Непутка, дрожа, опустилась на простую скамеечку, всю вылощенную людскими портами. Знать, горестям у народишка не было переводу. Девочка жадно рассматривала ворожею. Ждала цветных камешков в чаше, шёлкового платка на глазах, как у пророчиц с Гадалкина носа… ошиблась. Женщина, сидевшая в святом углу, больше напоминала неутомимую лыжницу из дикоземья, заехавшую продать копчёных гусей. Стать сухая, возраста по лицу не поймёшь, взгляд светлым-светел – из самострела всадит, не прометнётся. Только волосы, расчёсанные по плечам, прихватила белая паутина.
– Я… родом нездешняя… – начала было непутка.
Ворожея нетерпеливо повела бровью:
– Это знаю. С родителями от Беды убегала, в дороге осиротела. Радибору служила, а выставил, в людях помыкалась, к ласковым девушкам подалась… В чём, спрашиваю, горе твоё? Что избыть хочешь?
Непутка произнесла очень тихо, но в голосе скрипело лезо, тянущееся из ножен:
– В том и горе моё горькое, что он, Радибор, воздухом дышит, воду пьёт, землю топчет безвинную.
…Дрогнули свечи. Рыбьи зубастые пасти подавились коптящими фитильками. Ворожея наклонилась вперёд, глаза блеснули, словно у кошки, вышедшей к свету:
– Такого, безумница, у Богов не проси, в мыслях мыслить не смей! Сила нам какая ни есть даётся лишь на добро, потому что зла и без нас в достатке творится!
Непутка опустила на стол глухо звякнувший свёрток. И продолжила мёртвым шёпотом, глядя прямо в светящиеся зрачки:
– Хранила я серьги прабабкины. Ни на снедный кус, ни на тёплый ночлег сменять не польстилась… Узрела их Радиборова жёнка. Затряслась аж: продай!.. а как я дочкино наследство продам? Назавтра меня в толчки за ворота… узелок мой вслед кинули, а серёг в нём и нету…
Ворожея молчала, слушала пристально. Глаза просительницы ненадолго блеснули давно утраченной синевой.
– А после на праздник Обретения Посоха она, Радибориха, в моих серьгах вышла! И где правду искать? Злодей мой в городе могуч, а я кто?.. Ни уличан, ни родни!
– Сестрица… – вдруг тихо, жалеючи произнесла добродея. – Владычица уже склоняется над тобой… Есть ли кому дитя вверить, поцелуй её принимая?

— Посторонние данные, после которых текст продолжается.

(* Let $A=[1-\alpha^*,\alpha^*]$ with $\frac12<\alpha^*<1$, $J=[1,2]$, and for $B\subseteq\mathbb R$ let $B_{\mathbb Q}=B\cap\mathbb Q$. Let $W=\{W(t,\alpha):t\ge0,\alpha\in A\}$ be $H$-scalable, and assume that for some $q>0$, $\mathbb E\sup_{u\in J_{\mathbb Q},\alpha\in A_{\mathbb Q}}|W(u,\alpha)|^q<\infty$. Then for every rational $\delta>0$, $$\mathbb E\Big(\sup_{u\in(0,\delta]_{\mathbb Q},\alpha\in A_{\mathbb Q}}|W(u,\alpha)|^q\Big)\le\frac{\delta^{Hq}}{1-2^{-Hq}}\,\mathbb E\Big(\sup_{u\in J_{\mathbb Q},\alpha\in A_{\mathbb Q}}|W(u,\alpha)|^q\Big).$$
   Context: A process $\{W(t,\alpha):t\ge0,\alpha\in A\}$ is $H$-scalable (in $t$) if $W(0,\alpha)=0$ for all $\alpha\in A$ and, for some $H\in(0,\infty)$ and all $c\in(0,\infty)$, the processes $\{W(ct,\alpha):t\ge0,\alpha\in A\}$ and $\{c^HW(t,\alpha):t\ge0,\alpha\in A\}$ have the same finite-dimensional distributions. *)

From HB Require Import structures.
From mathcomp Require Import all_boot all_order all_algebra.
From mathcomp Require Import all_classical all_reals all_analysis.
Set Implicit Arguments. Unset Strict Implicit. Unset Printing Implicit Defensive.
Import Order.TTheory GRing.Theory Num.Theory.
Import numFieldNormedType.Exports.
Local Open Scope classical_set_scope.
Local Open Scope ring_scope.

Definition is_rat {R : realType} (x : R) : Prop := exists r : rat, x = ratr r.

Definition ratpart {R : realType} (B : set R) : set R := [set x | B x /\ is_rat x].

Definition supW {d} {T : measurableType d} {R : realType}
  (W : R -> R -> T -> R) (U Al : set R) (q : R) (w : T) : \bar R :=
  ereal_sup [set ((`|W u a w| `^ q)%:E) | u in U & a in Al].


(* H-scalability: W(0,a) = 0 (a.s.) for all a in A, and for every c > 0 the
   finite-dimensional distributions of {W(ct,a)} and {c^H W(t,a)} coincide
   (equality of the joint laws on all measurable rectangles, which generate
   the product sigma-algebra). *)
Definition H_scalable {d} {T : measurableType d} {R : realType}
  (P : probability T R) (W : R -> R -> T -> R) (A : set R) (H : R) : Prop :=
  (forall a, A a -> P [set w | W 0 a w != 0] = 0%E) /\
  (0 < H) /\
  (forall c : R, 0 < c -> forall (n : nat) (ts al : 'I_n -> R) (B : 'I_n -> set R),
     (forall i, 0 <= ts i /\ A (al i)) -> (forall i, measurable (B i)) ->
     P (\bigcap_(i in setT) [set w | B i (W (c * ts i) (al i) w)]) =
     P (\bigcap_(i in setT) [set w | B i (c `^ H * W (ts i) (al i) w)])).

From HB Require Import structures.
From mathcomp Require Import all_boot all_order all_algebra.
From mathcomp Require Import all_classical all_reals all_analysis.
From mathcomp Require Import measurable_realfun lra.

Set Implicit Arguments. Unset Strict Implicit. Unset Printing Implicit Defensive.
Import Order.TTheory GRing.Theory Num.Theory.
Import numFieldNormedType.Exports.
Local Open Scope classical_set_scope.
Local Open Scope ring_scope.
(* Let $\theta\in(0,\pi)$ with $\cos\theta=s/r$, where $r,s\in\mathbb{Z}$, $0\le|s|<r$, $\gcd(r,s)=1$, and let $m$ be a positive rational number. A natural number $n$ belongs to $\mathcal{N}_{\theta,m}$ if and only if the system $$E_\theta^{(m,n)}:\ y^2=x\left(x+\frac{2n(r+s)}{m+1}\right)\left(x-\frac{2n(r-s)}{m+1}\right),\qquad G_\theta^{(m,n)}:\ z^2=x^4+b_1x^3+b_2x^2+b_3x+b_4,$$ has a rational solution $(x,y,z)$ with $y\ne0$, where $$b_1=8ns,\quad b_2=\frac{8n^2(2m^2r^2+4s^2m+3s^2-r^2)}{(m+1)^2},\quad b_3=-\frac{32n^3s(r^2-s^2)}{(m+1)^2},\quad b_4=\frac{16n^4(r^2-s^2)^2}{(m+1)^4}.$$
   Context: $\mathcal{N}_{\theta,m}$ is the set of natural numbers $n$ for which there exist positive rationals $a,b,c,d,e$ with $a^2+b^2-\frac{2s}{r}ab=c^2$, $a^2+d^2+\frac{2s}{r}ad=e^2$, $a(b+d)=rn$, and $d=mb$ (a $\theta$-parallelogram envelope with ratio $m$ for $n$). *)

From mathcomp Require Import all_boot all_order all_algebra.
Set Implicit Arguments. Unset Strict Implicit. Unset Printing Implicit Defensive.
Import Order.TTheory GRing.Theory Num.Theory.
Local Open Scope ring_scope.

Definition in_N_theta_m (r s : int) (m : rat) (n : nat) : Prop :=
  exists a b c d e : rat,
    [/\ 0 < a, 0 < b, 0 < c, 0 < d & 0 < e] /\
    [/\ a ^+ 2 + b ^+ 2 - 2%:R * (s%:~R / r%:~R) * a * b = c ^+ 2,
        a ^+ 2 + d ^+ 2 + 2%:R * (s%:~R / r%:~R) * a * d = e ^+ 2,
        a * (b + d) = r%:~R * n%:R
      & d = m * b].

From mathcomp Require Import all_boot all_order all_algebra.
From mathcomp Require Import ring lra.
Import Order.TTheory GRing.Theory Num.Theory.
Local Open Scope ring_scope.

(* Put p = n/(m+1).  The conditions d = m b and a (b + d) = r n say b = r p / a, so
   multiplying the two law-of-cosines relations by a^2 turns an envelope into a point
   (a, u, w) = (a, a c, a e), a != 0, on the curves u^2 = a^4 - 2 p s a^2 + r^2 p^2 and
   w^2 = a^4 + 2 m p s a^2 + m^2 r^2 p^2; conversely the signs of a, u, w are free and
   c, e > 0 holds automatically because |cos theta| < 1.  The first curve is birational
   to E via x = 2 u + 2 a^2 - 2 p s, y = 2 a x, with inverse a = y / 2x (so y != 0 iff
   a != 0), and under this map the second equation becomes z^2 = G(x) with z = 4 x w. *)

Section CurveIdentities.
Context {F : comPzRingType}.
Variables (R S m p : F).

Definition cubicE (x : F) := x * (x + 2 * p * (R + S)) * (x - 2 * p * (R - S)).

Definition quarticG (x : F) :=
  x ^+ 4 + 8 * p * (m + 1) * S * x ^+ 3
  + 8 * p ^+ 2 * (2 * m ^+ 2 * R ^+ 2 + 4 * S ^+ 2 * m + 3 * S ^+ 2 - R ^+ 2) * x ^+ 2
  - 32 * p ^+ 3 * (m + 1) * S * (R ^+ 2 - S ^+ 2) * x
  + 16 * p ^+ 4 * (R ^+ 2 - S ^+ 2) ^+ 2.

Definition quartic_c (a : F) := a ^+ 4 - 2 * p * S * a ^+ 2 + R ^+ 2 * p ^+ 2.

Definition quartic_e (a : F) := a ^+ 4 + 2 * m * p * S * a ^+ 2 + m ^+ 2 * R ^+ 2 * p ^+ 2.

Definition slope_quadratic (x v : F) :=
  x ^+ 2 + 4 * (p * S - v ^+ 2) * x - 4 * p ^+ 2 * (R ^+ 2 - S ^+ 2).

Lemma cubicE_sub_sqr x v : cubicE x - (2 * v * x) ^+ 2 = x * slope_quadratic x v.
Proof. by rewrite /cubicE /slope_quadratic; ring. Qed.

Lemma slope_quadraticE x v :
  slope_quadratic x v = (x - 2 * v ^+ 2 + 2 * p * S) ^+ 2 - 4 * quartic_c v.
Proof. by rewrite /slope_quadratic /quartic_c; ring. Qed.

Lemma quarticG_sub_sqr x v :
  quarticG x - (4 * x) ^+ 2 * quartic_e v
  = slope_quadratic x v * (slope_quadratic x v + 8 * (v ^+ 2 + m * p * S) * x).
Proof. by rewrite /quarticG /quartic_e /slope_quadratic; ring. Qed.

End CurveIdentities.

Section CurvePoints.
Context {F : numFieldType}.
Variables (R S m p : F).
Hypotheses (p_neq0 : p != 0) (RS_neq : R ^+ 2 != S ^+ 2).

Lemma slope_quadratic_root_neq0 x v : slope_quadratic R S p x v = 0 -> x != 0.
Proof.
move=> q0; apply: contra_eqN q0 => /eqP ->.
have -> : slope_quadratic R S p 0 v = - 4 * p ^+ 2 * (R ^+ 2 - S ^+ 2).
  by rewrite /slope_quadratic; ring.
by rewrite !mulf_neq0 ?oppr_eq0 ?pnatr_eq0 ?expf_neq0 ?subr_eq0.
Qed.

Lemma quartic_pair_iff_curve_point :
  (exists a u w : F,
     [/\ a != 0, u ^+ 2 = quartic_c R S p a & w ^+ 2 = quartic_e R S m p a]) <->
  (exists x y z : F,
     [/\ y != 0, y ^+ 2 = cubicE R S p x & z ^+ 2 = quarticG R S m p x]).
Proof.
split=> [[a [u [w [a_neq0 hu hw]]]] | [x [y [z [y_neq0 hy hz]]]]].
- pose x := 2 * u + 2 * a ^+ 2 - 2 * p * S.
  have q0 : slope_quadratic R S p x a = 0.
    by rewrite slope_quadraticE -hu /x; ring.
  have x_neq0 := slope_quadratic_root_neq0 x a q0.
  exists x, (2 * a * x), (4 * x * w); split.
  + by rewrite !mulf_neq0 ?pnatr_eq0.
  + by apply/esym/eqP; rewrite -subr_eq0 cubicE_sub_sqr q0 mulr0.
  + by apply/esym/eqP; rewrite -subr_eq0 exprMn hw quarticG_sub_sqr q0 mul0r.
- have x_neq0 : x != 0.
    by apply: contra_neq y_neq0 => x0; apply/eqP; rewrite -sqrf_eq0 hy x0 /cubicE !mul0r.
  pose a := y / (2 * x).
  have y_def : y = 2 * a * x by rewrite /a; field.
  have q0 : slope_quadratic R S p x a = 0.
    apply/eqP; move: (cubicE_sub_sqr R S p x a).
    by rewrite -y_def hy subrr => /esym/eqP; rewrite mulf_eq0 (negbTE x_neq0).
  exists a, ((x - 2 * a ^+ 2 + 2 * p * S) / 2), (z / (4 * x)); split.
  + by apply: contra_neq y_neq0 => a0; rewrite y_def a0 mulr0 mul0r.
  + move/eqP: (slope_quadraticE R S p x a); rewrite q0 eq_sym subr_eq0 => /eqP h.
    by rewrite expr_div_n h; field.
  + move/eqP: (quarticG_sub_sqr R S m p x a); rewrite q0 mul0r subr_eq0 -hz => /eqP h.
    by rewrite expr_div_n h; field.
Qed.

End CurvePoints.

Lemma cosine_law_gt0 {F : realDomainType} (t a b : F) :
  -1 < t -> t < 1 -> 0 < a -> 0 < b -> 0 < a ^+ 2 + b ^+ 2 - 2 * t * a * b.
Proof.
move=> t_gtN1 t_lt1 a_gt0 b_gt0.
have ab_gt0 := mulr_gt0 a_gt0 b_gt0.
have : 0 < (1 - t) * (a * b) by rewrite mulr_gt0 // subr_gt0.
by have := sqr_ge0 (a - b); nra.
Qed.

Lemma quartic_c_normr {F : realDomainType} (R S p a : F) :
  quartic_c R S p `|a| = quartic_c R S p a.
Proof. by rewrite /quartic_c -[4%N]/(2 * 2)%N !exprM real_normK ?num_real. Qed.

Lemma quartic_e_normr {F : realDomainType} (R S m p a : F) :
  quartic_e R S m p `|a| = quartic_e R S m p a.
Proof. by rewrite /quartic_e -[4%N]/(2 * 2)%N !exprM real_normK ?num_real. Qed.

Section LawOfCosines.
Context {F : fieldType}.
Variables (R S m p : F).
Hypothesis R_neq0 : R != 0.

Lemma sides_quartic_c a : a != 0 ->
  a ^+ 2 * (a ^+ 2 + (R * p / a) ^+ 2 - 2 * (S / R) * a * (R * p / a)) = quartic_c R S p a.
Proof. by move=> a_neq0; rewrite /quartic_c; field; apply/andP. Qed.

Lemma sides_quartic_e a : a != 0 ->
  a ^+ 2 * (a ^+ 2 + (m * (R * p / a)) ^+ 2 + 2 * (S / R) * a * (m * (R * p / a)))
  = quartic_e R S m p a.
Proof. by move=> a_neq0; rewrite /quartic_e; field; apply/andP. Qed.

End LawOfCosines.

Section Envelope.
Context {F : realFieldType}.
Variables (R S m N : F).
Hypotheses (R_gt0 : 0 < R) (S_gtNR : - R < S) (S_ltR : S < R) (m_gt0 : 0 < m) (N_gt0 : 0 < N).

Local Notation p := (N / (m + 1)).

Definition envelope (a b c d e : F) : Prop :=
  [/\ 0 < a, 0 < b, 0 < c, 0 < d & 0 < e] /\
  [/\ a ^+ 2 + b ^+ 2 - 2 * (S / R) * a * b = c ^+ 2,
      a ^+ 2 + d ^+ 2 + 2 * (S / R) * a * d = e ^+ 2,
      a * (b + d) = R * N
    & d = m * b].

Definition curve_point (x y z : F) : Prop :=
  [/\ y != 0,
      y ^+ 2 = x * (x + 2 * N * (R + S) / (m + 1)) * (x - 2 * N * (R - S) / (m + 1))
    & z ^+ 2 = x ^+ 4
               + 8 * N * S * x ^+ 3
               + 8 * N ^+ 2
                   * (2 * m ^+ 2 * R ^+ 2 + 4 * S ^+ 2 * m + 3 * S ^+ 2 - R ^+ 2)
                   / (m + 1) ^+ 2 * x ^+ 2
               - 32 * N ^+ 3 * S * (R ^+ 2 - S ^+ 2) / (m + 1) ^+ 2 * x
               + 16 * N ^+ 4 * (R ^+ 2 - S ^+ 2) ^+ 2 / (m + 1) ^+ 4].

Let R_neq0 : R != 0. Proof. exact: lt0r_neq0. Qed.
Let m1_gt0 : 0 < m + 1. Proof. exact: addr_gt0 m_gt0 ltr01. Qed.
Let m1_neq0 : m + 1 != 0. Proof. exact: lt0r_neq0. Qed.
Let p_gt0 : 0 < p. Proof. exact: divr_gt0. Qed.

Lemma curve_pointE x y z :
  curve_point x y z = [/\ y != 0, y ^+ 2 = cubicE R S p x & z ^+ 2 = quarticG R S m p x].
Proof.
rewrite /curve_point /cubicE /quarticG.
by congr and3; congr (_ = _); field.
Qed.

Lemma envelope_iff_quartic_pair :
  (exists a b c d e, envelope a b c d e) <->
  (exists a u w : F,
     [/\ a != 0, u ^+ 2 = quartic_c R S p a & w ^+ 2 = quartic_e R S m p a]).
Proof.
have cos_gtN1 : -1 < S / R by rewrite ltr_pdivlMr // mulN1r.
have cos_lt1 : S / R < 1 by rewrite ltr_pdivrMr // mul1r.
split=> [[a [b [c [d [e [[a_gt0 _ _ _ _] [hc he hN hd]]]]]]] | [a [u [w [a_neq0 hu hw]]]]].
- have a_neq0 := lt0r_neq0 a_gt0.
  have b_def : b = R * p / a.
    have RN : R * N = a * b * (m + 1) by rewrite -hN hd; ring.
    by rewrite mulrA RN; field; apply/andP.
  exists a, (a * c), (a * e); split => //.
  + by rewrite exprMn -hc b_def sides_quartic_c.
  + by rewrite exprMn -he hd b_def sides_quartic_e.
- pose a' := `|a|; pose b := R * p / a'.
  have a'_gt0 : 0 < a' by rewrite normr_gt0.
  have a'_neq0 := lt0r_neq0 a'_gt0.
  have b_gt0 : 0 < b by rewrite divr_gt0 // mulr_gt0.
  have sqr_norm_div v : (`|v| / a') ^+ 2 = v ^+ 2 / a' ^+ 2.
    by rewrite expr_div_n real_normK ?num_real.
  have sqr_gt0 v : 0 < (`|v| / a') ^+ 2 -> 0 < `|v| / a'.
    move=> v2_gt0; rewrite lt0r divr_ge0 // ?ltW // andbT.
    by apply: contraTneq v2_gt0 => ->; rewrite expr0n ltxx.
  have hc : a' ^+ 2 + b ^+ 2 - 2 * (S / R) * a' * b = (`|u| / a') ^+ 2.
    apply: (mulfI (expf_neq0 2 a'_neq0)); rewrite sides_quartic_c //.
    by rewrite sqr_norm_div hu quartic_c_normr; field.
  have he : a' ^+ 2 + (m * b) ^+ 2 + 2 * (S / R) * a' * (m * b) = (`|w| / a') ^+ 2.
    apply: (mulfI (expf_neq0 2 a'_neq0)); rewrite sides_quartic_e //.
    by rewrite sqr_norm_div hw quartic_e_normr; field.
  exists a', b, (`|u| / a'), (m * b), (`|w| / a'); split; split => //.
  + by apply: sqr_gt0; rewrite -hc cosine_law_gt0.
  + exact: mulr_gt0.
  + apply: sqr_gt0; rewrite -he.
    have := cosine_law_gt0 (- (S / R)) a' (m * b).
    rewrite !mulrN !mulNr opprK; apply=> //; last exact: mulr_gt0.
    - by rewrite ltrN2.
    - by rewrite ltrNl.
  + by rewrite /b; field; apply/andP.
Qed.

Lemma envelope_iff_curve_point :
  (exists a b c d e, envelope a b c d e) <-> (exists x y z, curve_point x y z).
Proof.
have p_neq0 := lt0r_neq0 p_gt0.
have RS_neq : R ^+ 2 != S ^+ 2 by rewrite gt_eqF //; move: S_gtNR S_ltR; nra.
apply: (iff_trans envelope_iff_quartic_pair).
apply: (iff_trans (quartic_pair_iff_curve_point R S m p p_neq0 RS_neq)).
by split=> -[x [y [z h]]]; exists x, y, z; rewrite curve_pointE in h *.
Qed.

End Envelope.

Theorem theorem4p1 (r s : int) (m : rat) (n : nat) :
  0 <= `|s| -> `|s| < r -> gcdz r s = 1 -> 0 < m -> (0 < n)%N ->
  in_N_theta_m r s m n <->
  exists x y z : rat,
    [/\ y != 0,
        y ^+ 2 = x * (x + 2%:R * n%:R * (r + s)%:~R / (m + 1))
                   * (x - 2%:R * n%:R * (r - s)%:~R / (m + 1))
      & z ^+ 2 = x ^+ 4
                 + 8%:R * n%:R * s%:~R * x ^+ 3
                 + 8%:R * n%:R ^+ 2
                     * (2%:R * m ^+ 2 * r%:~R ^+ 2 + 4%:R * s%:~R ^+ 2 * m
                        + 3%:R * s%:~R ^+ 2 - r%:~R ^+ 2) / (m + 1) ^+ 2 * x ^+ 2
                 - 32%:R * n%:R ^+ 3 * s%:~R * (r%:~R ^+ 2 - s%:~R ^+ 2)
                     / (m + 1) ^+ 2 * x
                 + 16%:R * n%:R ^+ 4 * (r%:~R ^+ 2 - s%:~R ^+ 2) ^+ 2
                     / (m + 1) ^+ 4].
Proof.
(* Coprimality of r and s only normalises the representation of cos theta = s/r. *)
move=> _ s_lt_r _ m_gt0 n_gt0.
have r_gt0 : 0 < r%:~R :> rat by rewrite ltr0z (le_lt_trans (normr_ge0 s)).
move: s_lt_r; rewrite ltr_norml => /andP[Nr_lt_s s_lt_r].
rewrite !intrD !intrN.
apply: envelope_iff_curve_point => //.
- by rewrite -intrN ltr_int.
- by rewrite ltr_int.
- by rewrite ltr0n.
Qed.
Lemma HM_indep_homology n : HM_indep d n l (\rank (cyclemx n :\: bdmx n)).
Proof.
set H := (cyclemx n :\: bdmx n)%MS.
have [N N_gt0 N_int] := common_denominator_mx (row_base H).
set W := N%:R *: row_base H.
have W_sub : (W <= H)%MS by rewrite scalemx_sub // eq_row_base.
pose v i := chain_of_row (row i W).
have W_coords : coordsmx n v = W.
  apply/row_matrixP => i; rewrite rowK coords_chain_of_row // => j.
  by rewrite mxE /W mxE N_int.
exists v; split=> [i|a /is_boundary_coords].
  apply/is_cycleP; first exact: supported_chain_of_row.
  have -> : coords n (v i) = row i W by rewrite -W_coords rowK.
  exact: submx_trans (row_sub _ _) (submx_trans W_sub (diffmxSl _ _)).
rewrite coords_lincomb W_coords => bd_aW.
have : (\row_i (a i)%:~R *m W <= H :&: bdmx n)%MS.
  by rewrite sub_capmx bd_aW (submx_trans (submxMl _ _) W_sub).
rewrite capmx_diff submx0 -scalemxAr scaler_eq0 pnatr_eq0 eqn0Ngt N_gt0 /=.
rewrite -(mul0mx _ (row_base H)) => /eqP /(row_free_inj (row_base_free H)).
move=> /rowP a0 i.
by have /eqP := a0 i; rewrite !mxE intr_eq0 => /eqP.
Qed.

Lemma rank_homology n :
  (\rank (cyclemx n :\: bdmx n) + \rank (bdmx n))%N = \rank (cyclemx n).
Proof.
have /capmx_idPr capD := bdmx_sub_cyclemx n.
rewrite -mxrank_disjoint_sum ?capmx_diff //; apply/eqmx_rank/eqmxP.
exact: eqmx_trans (adds_eqmx (eqmx_refl _) (eqmx_sym capD))
  (addsmx_diff_cap_eq _ _).
Qed.

Lemma rkHM_rank n : rkHM d n l = \rank (cyclemx n :\: bdmx n).
Proof.
have rank_lt : (\rank (cyclemx n :\: bdmx n) < (#|T| ^ n.+1).+1)%N.
  rewrite ltnS (leq_trans (rank_leq_col _)) // -rkC_ngens -card_tuple.
  exact: max_card.
apply/eqP; rewrite eqn_leq; apply/andP; split.
  apply/bigmax_leqP => k /asboolP /HM_indep_leq.
  by rewrite -rank_homology leq_add2r.
apply: (@leq_bigmax_cond _ _ (fun k : 'I_(#|T| ^ n.+1).+1 => nat_of_ord k)
  (Ordinal rank_lt)).
exact/asboolP/HM_indep_homology.
Qed.

Lemma rkC0_rank : rkC d 0 l = \rank (cyclemx 0).
Proof. by rewrite rkC_ngens /= mxrank1. Qed.

Lemma rkCS_rank n : rkC d n.+1 l = (\rank (cyclemx n.+1) + \rank (bdmx n))%N.
Proof. by rewrite rkC_ngens /= mxrank_ker subnK // rank_leq_row. Qed.

Lemma rank_bdmx_eq0 n : rkC d n.+1 l = 0%N -> \rank (bdmx n) = 0%N.
Proof.
by rewrite rkC_ngens => rk0; apply/eqP; rewrite -leqn0 -rk0 rank_leq_row.
Qed.

End Grading.
End QuasiMetric.

Lemma chi_nerve_trunc (R : realType) (T : finType) (d : T -> T -> R) l M :
  (forall n, (M <= n)%N -> rkC d n l = 0%N) ->
  chi_nerve d l = \sum_(n < M) (-1) ^+ n * (rkC d n l)%:R.
Proof.
move=> rkC0; rewrite /chi_nerve -(fsbig_widen `I_M) //.
  by rewrite (fsbig_ord _ _ (fun n => (-1) ^+ n * (rkC d n l)%:R)).
by move=> n [_ /negP]; rewrite /= -leqNgt => /rkC0 ->; rewrite mulr0.
Qed.

Lemma rkC_large_degree (R : realType) (T : finType) (d : T -> T -> R) L :
  quasi_metric d ->
  exists N, forall n l, (N <= n)%N -> l < L -> rkC d n l = 0%N.
Proof.
move=> qm; have [N no_gen] := gen_large_degree qm L.
exists N => n l le_Nn lt_lL; apply/eqP; rewrite cards_eq0; apply/eqP/setP => u.
by rewrite !inE (negbTE (no_gen _ _ _ le_Nn lt_lL)).
Qed.

Theorem theorem5p9 (R : realType) (T : finType) (d : T -> T -> R) :
  quasi_metric d ->
  hahn_series_converges_to
    (fun n : nat => fun l : R => (-1) ^+ n * rk_HM_series d n l)
    (chi_nerve d).
Proof.
move=> qm L; have [N rkC0] := rkC_large_degree L qm.
exists N.+1 => -[//|M] le_NM l lt_lL.
have rkC_gt n : (M.+1 <= n)%N -> rkC d n l = 0%N.
  by move=> le_Mn; apply: rkC0 lt_lL; apply: leq_trans (ltnW le_NM) le_Mn.
rewrite (chi_nerve_trunc rkC_gt).
have rkHM_bd n : (rkHM d n l + \rank (bdmx d l n))%N = \rank (cyclemx d l n).
  by rewrite (rkHM_rank qm) rank_homology.
rewrite -(euler_char_telescope (c := rkC d ^~ l) rkHM_bd (rkC0_rank d l)
  (rkCS_rank d l)).
by rewrite rank_bdmx_eq0 ?rkC_gt // mulr0 addr0.
Qed.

Девочка моргала, цеплялась за мать, смотрела то на неё, то на ворожею. Каждое слово в отдельности она понимала. На всё вместе разумения не было. Только съеденная ушица оборачивалась в животе камнем.
Хозяйка продолжала:
– Хочешь, пригрею? Станет моей негушкой, певчей пичужкой. Тебе памятью, мне радостью, в миру славой, как старшенькие когда-то…
Ну нет! Чтобы последнее своё сокровище – да в чужие загребущие руки?.. Хобот посягал, и эта туда же?.. Непутка вскочила. Мгновенным движением сгребла со стола свёрток. Схватила за руку дочь, молча бросилась в дверь, лишь на пороге сипло бросила в темноту:
– Да чтоб тебе по пичужкам своим душой изболеться, как мне по моей!..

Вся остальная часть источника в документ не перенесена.